Читала залпом, многое узнавая впервые. Про детский голод и скудную одежду, школьные успехи и романы юности, о лете 1941 года, когда мама, помогая отцу - директору исторического музея - вывезти музейные ценности из-под гомельских бомбежек, на редкость "удачно" эвакуировалась в Сталинград...


Мы ведь плохо знаем своих родителей, и это понятно. Важная часть их жизни состоялась до нашего появления на свет. Интеллектуальный контакт обретается (если вообще обретается) много позже.


Всю жизнь мама любила петь и танцевать, и не перестает жалеть, что не смогла получить музыкальное образование.
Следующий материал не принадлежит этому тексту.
Lemma shear_span_in_AF (k j : 'I_d) (h : R -> R) : j != k ->
  ridge_span sg h -> in_AF (ctrl_family sg AA) (shear k j h).
Proof.
move=> jk [T hT]; have -> : shear k j h = shear k j (fun t =>
    \sum_(q <- T) q.1.1 * sg (q.1.2 * t + q.2)) by apply/funext => x; rewrite /shear hT.
elim: T {hT} => [|q T IH].
  have -> : shear k j (fun t => \sum_(q <- [::]) q.1.1 * sg (q.1.2 * t + q.2)) =
      shear k j (fun t => 0 * sg (0 * t + 0)).
    by apply/funext => x; rewrite /shear big_nil mul0r.
  exact: shear_ridge_in_AF.
have -> : shear k j (fun t => \sum_(q <- q :: T) q.1.1 * sg (q.1.2 * t + q.2)) =
    shear k j (fun t => \sum_(q <- T) q.1.1 * sg (q.1.2 * t + q.2)) \o
    shear k j (fun t => q.1.1 * sg (q.1.2 * t + q.2)).
  by apply/funext => x /=; rewrite shear_comp // /shear big_cons.
exact: in_AF_comp (shear_ridge_in_AF _ _ _ jk) IH.
Qed.

End Shears.

Section Genericity.
Context {R : realType}.

Lemma exists_pos_notin (bad : seq R) (e : R) : 0 < e ->
  exists K, [/\ 0 < K, K <= e & K \notin bad].
Proof.
move=> e_gt0; pose S := \sum_(w <- bad) `|w|^-1.
have S_ge0 : 0 <= S by rewrite sumr_ge0 // => w _; rewrite invr_ge0.
have den_gt0 : 0 < 1 + e * S by rewrite ltr_pwDl // mulr_ge0 // ltW.
(* K^-1 = e^-1 + S exceeds every |w|^-1 with w in bad. *)
pose K := e / (1 + e * S); exists K; split.
- exact: divr_gt0.
- by rewrite ler_pdivrMr // ler_peMr ?lerDl ?mulr_ge0 // ltW.
apply/negP => K_bad.
have : `|K|^-1 <= S.
  by rewrite /S (big_rem _ K_bad) /= lerDl sumr_ge0 // => w _; rewrite invr_ge0.
by rewrite gtr0_norm ?divr_gt0 // invf_div ler_pdivrMr // mulrC; lra.
Qed.

Lemma separating_scalar (I : finType) (u v : I -> R) (e : R) : 0 < e ->
  exists K, [/\ 0 < K, K <= e &
    forall i i', u i + K * v i = u i' + K * v i' -> u i = u i' /\ v i = v i'].
Proof.
move=> e_gt0.
pose bad := [seq (u p.1 - u p.2) / (v p.2 - v p.1) | p <- enum {: I * I}].
have [K [K_gt0 K_le K_good]] := exists_pos_notin bad e_gt0.
exists K; split => // i i' E.
suff v_eq : v i = v i' by split => //; move: E; rewrite v_eq; lra.
apply/eqP/negPn/negP => v_neq; apply: (negP K_good); apply/mapP.
exists (i, i'); first by rewrite mem_enum.
have v_sub : v i' - v i != 0 by rewrite subr_eq0 eq_sym.
by rewrite /= -[K](mulfK v_sub) mulrBr; congr (_ / _); lra.
Qed.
В ее руках все горело: она прекрасно готовила, печатала на машинке, шила, белила потолки и меняла обои, разводила огород и выращивала цветы на даче, ремонтировала утюги. Даже лихо водила машину (села за руль первой машины нашей семьи - "Победы" - в середине 1950-х, когда женщина-водитель в Волгограде была диковинкой - матери моих подруг строго-настрого запрещали им садиться с ней в машину).


Сценарный факультет ВГИКа, о котором мама мечтала в юности, был отодвинут войной. Она смогла пойти работать лишь в начале 1960-х, почти не имея возможности выбирать профессию по душе. И все равно - ринулась в работу с энергией джинна, выпущенного из бутылки.
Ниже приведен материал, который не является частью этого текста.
Lemma sum_nbr_compl (S : {set T}) (G : T -> R) :
  (forall i j, 0 <= lamg i j) ->
  \sum_(i in nbr lamg S) rate_into lamg S i * G i =
  \sum_(i in ~: S) rate_into lamg S i * G i.
Proof.
move=> lamg_ge0; rewrite big_mkcond [RHS]big_mkcond; apply: eq_bigr => i _.
rewrite inE in_setC; case: (i \in S) => //=; case: ltP => // rate_le0.
have rate_ge0 : 0 <= rate_into lamg S i by apply: sumr_ge0.
have -> : rate_into lamg S i = 0 by apply/eqP; rewrite eq_le rate_le0 rate_ge0.
by rewrite mul0r.
Qed.
End Network.

Section LineSegments.
Variables (R : realFieldType) (m : nat) (lam : R).

Definition segment (a b : nat) : {set 'I_m.+1} :=
  [set x : 'I_m.+1 | (a <= x) && (x + b <= m)]%N.

Lemma segment1 (x : 'I_m.+1) : [set x] = segment x (m - x).
Proof.
by apply/setP => y; rewrite !inE -val_eqE /=; have := ltn_ord x; have := ltn_ord y; lia.
Qed.

Lemma segment_extend_left a b : (0 < a)%N -> (a + b <= m)%N ->
  inord a.-1 \notin segment a b /\ inord a.-1 |: segment a b = segment a.-1 b.
Proof.
move=> a_gt0 ab_le; split; first by rewrite inE inordK; lia.
by apply/setP => x; rewrite !inE -val_eqE /= inordK; lia.
Qed.

Lemma segment_extend_right a b : (0 < b)%N -> (a + b <= m)%N ->
  inord (m - b).+1 \notin segment a b /\ inord (m - b).+1 |: segment a b = segment a b.-1.
Proof.
move=> b_gt0 ab_le; split; first by rewrite inE inordK; lia.
by apply/setP => x; rewrite !inE -val_eqE /= inordK; lia.
Qed.

Lemma card_segment a b : (a + b <= m)%N -> #|segment a b| = (m.+1 - (a + b))%N.
Proof.
elim: a => [|a IHa] ab_le.
  elim: b ab_le => [|b IHb] b_le.
    have -> : segment 0 0 = setT.
      by apply/setP => x; rewrite !inE; have := ltn_ord x; lia.
    by rewrite cardsT card_ord.
  have [notin ext] := @segment_extend_right 0 b.+1 isT b_le.
  have := cardsU1 (inord (m - b.+1).+1) (segment 0 b.+1).
  rewrite ext notin /= IHb; last by lia.
  by move=> card_eq; apply: (@addnI 1); rewrite -card_eq; lia.
have [notin ext] := @segment_extend_left a.+1 b isT ab_le.
have := cardsU1 (inord a) (segment a.+1 b).
rewrite ext notin /= IHa; last by lia.
by move=> card_eq; apply: (@addnI 1); rewrite -card_eq; lia.
Qed.

Lemma sum_pick (A : {set 'I_m.+1}) (u : R) (G : 'I_m.+1 -> R) (x : nat) :
  (x <= m)%N -> inord x \in A ->
  \sum_(i in A) (if (i : nat) == x then u else 0) * G i = u * G (inord x).
Proof.
move=> x_le xA; rewrite (bigD1 (inord x)) //= inordK // eqxx big1 ?addr0 //.
move=> i /andP[_ i_neq]; rewrite ifF ?mul0r //; apply: contraNF i_neq => /eqP i_eq.
by apply/eqP/val_inj; rewrite /= inordK.
Qed.

Lemma rate_into_segment a b (i : 'I_m.+1) : (a + b <= m)%N -> i \notin segment a b ->
  rate_into (line_lamg lam) (segment a b) i =
  (if (i : nat).+1 == a then lam / 2 else 0) + (if (i : nat) == (m - b).+1 then lam / 2 else 0).
Proof.
move=> ab_le; rewrite inE => i_out.
rewrite /rate_into (eq_bigr (fun j : 'I_m.+1 =>
   (if (j : nat) == a then (if (i : nat).+1 == a then lam / 2 else 0) else 0) * 1 +
   (if (j : nat) == (m - b)%N then (if (i : nat) == (m - b).+1 then lam / 2 else 0) else 0) * 1)).
  by rewrite big_split /= !sum_pick ?inE ?inordK ?mulr1 //; lia.
move=> j; rewrite inE => j_in; rewrite !mulr1 /line_lamg.
by repeat case: ifP => ?; rewrite ?addr0 ?add0r //; exfalso; lia.
Qed.

Lemma line_lamg_ge0 (i j : 'I_m.+1) : 0 < lam -> 0 <= line_lamg lam i j.
Proof. by move=> lam_gt0; rewrite /line_lamg; case: ifP; rewrite // divr_ge0 // ltW. Qed.

Lemma sum_nbr_segment a b (G : 'I_m.+1 -> R) : 0 < lam -> (a + b <= m)%N ->
  \sum_(i in nbr (line_lamg lam) (segment a b))
     rate_into (line_lamg lam) (segment a b) i * G i =
  (if (0 < a)%N then lam / 2 * G (inord a.-1) else 0) +
  (if (0 < b)%N then lam / 2 * G (inord (m - b).+1) else 0).
Proof.
move=> lam_gt0 ab_le; rewrite sum_nbr_compl => [|i j]; last exact: line_lamg_ge0.
rewrite (eq_bigr (fun i : 'I_m.+1 =>
   (if (i : nat).+1 == a then lam / 2 else 0) * G i +
   (if (i : nat) == (m - b).+1 then lam / 2 else 0) * G i)); last first.
  by move=> i; rewrite inE => i_out; rewrite rate_into_segment // mulrDl.
rewrite big_split /=; congr (_ + _).
  case: a ab_le => [|a] ab_le /=; first by rewrite big1 // => i _; rewrite mul0r.
  rewrite (eq_bigr (fun i : 'I_m.+1 => (if (i : nat) == a then lam / 2 else 0) * G i)) //.
  by rewrite sum_pick // ?inE ?inordK //; lia.
case: b ab_le => [|b] ab_le /=.
  by rewrite big1 // => i _; rewrite subn0 ltn_eqF ?mul0r.
by rewrite sum_pick // ?inE ?inordK //; lia.
Qed.

Variables (n : nat) (lams : R).

Definition segment_age (a b : nat) : R :=
  version_age lams (line_lam0 n lam) (line_lamg lam) (segment a b).

Lemma segment_age_rec a b : (1 <= n)%N -> 0 < lam -> (a + b < m.+1)%N ->
  segment_age a b * out_rate m.+1 (lam / n%:R) (lam / 2) a b =
  lams + (if (0 < a)%N then lam / 2 * segment_age a.-1 b else 0)
       + (if (0 < b)%N then lam / 2 * segment_age a b.-1 else 0).
Proof.
move=> n_ge1 lam_gt0; rewrite ltnS => ab_le.
have c_gt0 : 0 < lam / n%:R by rewrite divr_gt0 // ltr0n.
have w_gt0 : 0 < lam / 2 by rewrite divr_gt0.
have source_sum : \sum_(j in segment a b) line_lam0 n lam j = (m.+1 - (a + b))%:R * (lam / n%:R).
  by rewrite sumr_const card_segment // mulr_natl.
have gossip_sum : \sum_(i in nbr (line_lamg lam) (segment a b))
    rate_into (line_lamg lam) (segment a b) i =
    (if (0 < a)%N then lam / 2 else 0) + (if (0 < b)%N then lam / 2 else 0).
  under eq_bigr do rewrite -[rate_into _ _ _]mulr1.
  by rewrite sum_nbr_segment // !mulr1.
rewrite /segment_age version_ageE source_sum gossip_sum addrA -/(out_rate _ _ _ a b).
rewrite divfK ?lt0r_neq0 ?out_rate_gt0 // sum_nbr_segment // addrA.
clear source_sum gossip_sum; congr (_ + _ + _).
  case: a ab_le => [|a] ab_le //=.
  by have [_ ->] := @segment_extend_left a.+1 b isT ab_le.
case: b ab_le => [|b] ab_le //=.
by have [_ ->] := @segment_extend_right a b.+1 isT ab_le.
Qed.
Вернуться в Беларусь маме уже не пришлось. Сегодня она живет в Волгограде, потеряв почти всех своих подруг. Но любимый Гомель, замок Паскевича и парк с его сиренью и дубами не уходят из ее памяти.


Виолетта Гудкова, доктор искусствоведения. Москва.


Я родилась в 1923 году в Гомеле, небольшом белорусском городе. Наш дом № 45 располагался на окраине города, на улице Первомайской. На улицу со двора нас, детей, не выпускали, но мы умудрялись вылезать вместе с курами и свиньями в дыру под калиткой. Улица эта была очень тихая. Машины сюда не заезжали. Только подводы, да еще коровы гуляли. У меня была собака, звали ее Бродяга. Она жила у нас под лестницей и всегда крутилась возле меня.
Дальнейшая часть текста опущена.